**Task details**
Every record must appear in your reply exactly as written.

┄┄┄┄┄┄

Arguments Amb : clear implicits.
Arguments inD : clear implicits.
Arguments Dset : clear implicits.
Arguments piA : clear implicits.
Arguments TA : clear implicits.
Arguments RA : clear implicits.
Arguments MA : clear implicits.
Arguments liftD : clear implicits.
Arguments T_ : clear implicits.
Arguments R_ : clear implicits.
Arguments M_ : clear implicits.
Arguments Aut : clear implicits.
Arguments Aut_pi : clear implicits.
Arguments subgroup : clear implicits.
Arguments gen : clear implicits.
Arguments setmul : clear implicits.
Arguments normalizer : clear implicits.
Arguments frakT : clear implicits.
Arguments frakR : clear implicits.
Arguments frakM : clear implicits.
Arguments frakG : clear implicits.
Arguments GN : clear implicits.
Arguments symdiff : clear implicits.
Arguments permcomp : clear implicits.
Arguments SP : clear implicits.
Arguments SPcarrier : clear implicits.
Arguments phi : clear implicits.
Arguments SPmul : clear implicits.

From HB Require Import structures.
From mathcomp Require Import all_boot all_order all_algebra fingroup perm.
From mathcomp Require Import all_classical all_reals all_analysis.
From mathcomp Require Import complex.
Import Order.TTheory GRing.Theory Num.Theory.
Import numFieldTopology.Exports.
Local Open Scope ring_scope.
Local Open Scope classical_set_scope.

┄┄┄┄┄┄

**Task result**
Arguments Amb : clear implicits.
Arguments inD : clear implicits.
Arguments Dset : clear implicits.
Arguments piA : clear implicits.
Arguments TA : clear implicits.
Arguments RA : clear implicits.
Arguments MA : clear implicits.
Arguments liftD : clear implicits.
Arguments T_ : clear implicits.
Arguments R_ : clear implicits.
Arguments M_ : clear implicits.
Arguments Aut : clear implicits.
Arguments Aut_pi : clear implicits.
Arguments subgroup : clear implicits.
Arguments gen : clear implicits.
Arguments setmul : clear implicits.
Arguments normalizer : clear implicits.
Arguments frakT : clear implicits.
Arguments frakR : clear implicits.
Arguments frakM : clear implicits.
Arguments frakG : clear implicits.
Arguments GN : clear implicits.
Arguments symdiff : clear implicits.
Arguments permcomp : clear implicits.
Arguments SP : clear implicits.
Arguments SPcarrier : clear implicits.
Arguments phi : clear implicits.
Arguments SPmul : clear implicits.

From HB Require Import structures.
From mathcomp Require Import all_boot all_order all_algebra fingroup perm.
From mathcomp Require Import all_classical all_reals all_analysis.
From mathcomp Require Import complex.
Import Order.TTheory GRing.Theory Num.Theory.
Import numFieldTopology.Exports.
Local Open Scope ring_scope.
Local Open Scope classical_set_scope.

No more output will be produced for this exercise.